13.2 The Cold War: Domestic Politics & the Collapse of the U.S.S.R.

Key Takeaways

  • Lyndon B. Johnson's Great Society (1964–1965) created Medicare and Medicaid and launched the War on Poverty, all while the escalating Vietnam War strained the federal budget and public support.
  • The Watergate scandal — a 1972 break-in at Democratic National Committee headquarters and its cover-up — forced Richard Nixon to resign on August 9, 1974, the only U.S. president ever to do so.
  • Nixon pursued détente alongside Watergate: his 1972 opening to China and the SALT I treaty with the U.S.S.R. eased Cold War tensions even as domestic politics grew more turbulent.
  • Mikhail Gorbachev's glasnost (political openness) and perestroika (economic restructuring), begun in 1985, loosened Soviet control and allowed Eastern Europe's 1989 revolutions and the fall of the Berlin Wall.
  • The Cold War ended when the U.S.S.R. formally dissolved on December 25, 1991, splitting into 15 independent republics, including Russia and Ukraine.
Last updated: July 2026

Why This Topic Matters on the GED

This section covers a run of names the official content outline groups directly under "The Cold War" — Lyndon B. Johnson's Great Society, Richard Nixon's Watergate scandal, and the collapse of the U.S.S.R. — even though the first two are usually taught as domestic political history. That grouping is intentional and testable: all three events happened while the Cold War was the dominant backdrop of American politics, and each shaped how the Cold War itself eventually ended. Expect GED items to connect a domestic event (like Watergate) to a foreign-policy consequence (like the War Powers Resolution reasserting Congress's check on presidential war-making) — a classic cause-and-effect pattern this test rewards.
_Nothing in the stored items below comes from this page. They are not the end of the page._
(* Let $k$ be a field of characteristic $\neq 2$, and let $\mathfrak g_\boxtimes$, $\Omega,\Omega',\Omega''$, $\mathfrak g$, $\Psi$, $u_0,u_1,u_2$ be as in the context. Then (i) $\Psi(\Omega)=u_0(t-1)k[t]\oplus u_1k[t]\oplus u_2tk[t]$; (ii) $\Psi(\Omega')=u_0t'k[t']\oplus u_1(t'-1)k[t']\oplus u_2k[t']$; (iii) $\Psi(\Omega'')=u_0k[t'']\oplus u_1t''k[t'']\oplus u_2(t''-1)k[t'']$. In particular, $\mathfrak g$ is the direct sum of the subalgebras $\Psi(\Omega)$, $\Psi(\Omega')$, $\Psi(\Omega'')$.
   Context: $\mathcal A=k[t,t^{-1},(1-t)^{-1}]\subset k(t)$, $t'=1-t^{-1}$, $t''=(1-t)^{-1}$, $\mathfrak g=\mathfrak{sl}_2(k)\otimes_k\mathcal A$ (an $\mathcal A$-module via the second factor; $k[s]$ for $s\in\mathcal A$ denotes the $k$-subalgebra of $\mathcal A$ generated by $s$). The Tetrahedron algebra $\mathfrak g_\boxtimes$ is the Lie algebra over $k$ with generators $X_{ij}$ ($i,j\in\{0,1,2,3\}$, $i\neq j$) and relations $X_{ij}+X_{ji}=0$ for $i\neq j$; $[X_{ij},X_{jk}]=2(X_{ij}+X_{jk})$ for mutually distinct $i,j,k$; $[X_{hi},[X_{hi},[X_{hi},X_{jk}]]]=4[X_{hi},X_{jk}]$ for mutually distinct $h,i,j,k$. $\Omega$ (resp. $\Omega'$, $\Omega''$) is the subalgebra of $\mathfrak g_\boxtimes$ generated by $X_{12},X_{03}$ (resp. $X_{23},X_{01}$; $X_{31},X_{02}$). With $x=\begin{pmatrix}-1&2\\0&1\end{pmatrix}$, $y=\begin{pmatrix}-1&0\\-2&1\end{pmatrix}$, $z=\begin{pmatrix}1&0\\0&-1\end{pmatrix}$, $\Psi:\mathfrak g_\boxtimes\to\mathfrak g$ is the Lie algebra homomorphism determined by $\Psi(X_{12})=x\otimes1$, $\Psi(X_{23})=y\otimes 1$, $\Psi(X_{31})=z\otimes 1$, $\Psi(X_{03})=y\otimes t+z\otimes(t-1)$, $\Psi(X_{01})=z\otimes t'+x\otimes(t'-1)$, $\Psi(X_{02})=x\otimes t''+y\otimes(t''-1)$. Finally $u_0=\tfrac14(z\otimes 1+x\otimes t''+y\otimes(t''-1))$, $u_1=\tfrac14(x\otimes 1+y\otimes t+z\otimes(t-1))$, $u_2=\tfrac14(y\otimes 1+z\otimes t'+x\otimes(t'-1))$. *)

From HB Require Import structures.
From mathcomp Require Import all_boot all_order all_algebra.
Set Implicit Arguments. Unset Strict Implicit. Unset Printing Implicit Defensive.
Import Order.TTheory GRing.Theory Num.Theory.
Local Open Scope ring_scope.

Definition lie_gen (K : pzRingType) (V : lmodType K) (br : V -> V -> V)
  (S : V -> Prop) (v : V) : Prop :=
  forall P : V -> Prop,
    (forall w, S w -> P w) -> P 0 ->
    (forall (a : K) u w, P u -> P w -> P (a *: u + w)) ->
    (forall u w, P u -> P w -> P (br u w)) -> P v.

Definition is_lie_bracket (K : pzRingType) (V : lmodType K) (br : V -> V -> V) : Prop :=
  [/\ forall (a : K) u v w, br (a *: u + v) w = a *: br u w + br v w,
      forall (a : K) u v w, br w (a *: u + v) = a *: br w u + br w v,
      forall u, br u u = 0 &
      forall u v w, br u (br v w) + br v (br w u) + br w (br u v) = 0].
LBJ's Great Society: Reform Under Cold War Pressure

After winning a landslide election in 1964, President Lyndon B. Johnson launched The Great Society, a sweeping set of domestic programs aimed at eliminating poverty and racial injustice. Its signature achievements include:

  • War on Poverty — launched via the Economic Opportunity Act (1964), creating programs like Head Start and Job Corps.
  • Medicare (1965) — federal health insurance for Americans 65 and older.
  • Medicaid (1965) — federal-state health insurance for low-income Americans.
  • Elementary and Secondary Education Act (1965) — the first major federal funding for K–12 public schools.
  • Immigration and Nationality Act (1965) — abolished the discriminatory national-origins quota system that had governed U.S. immigration since the 1920s.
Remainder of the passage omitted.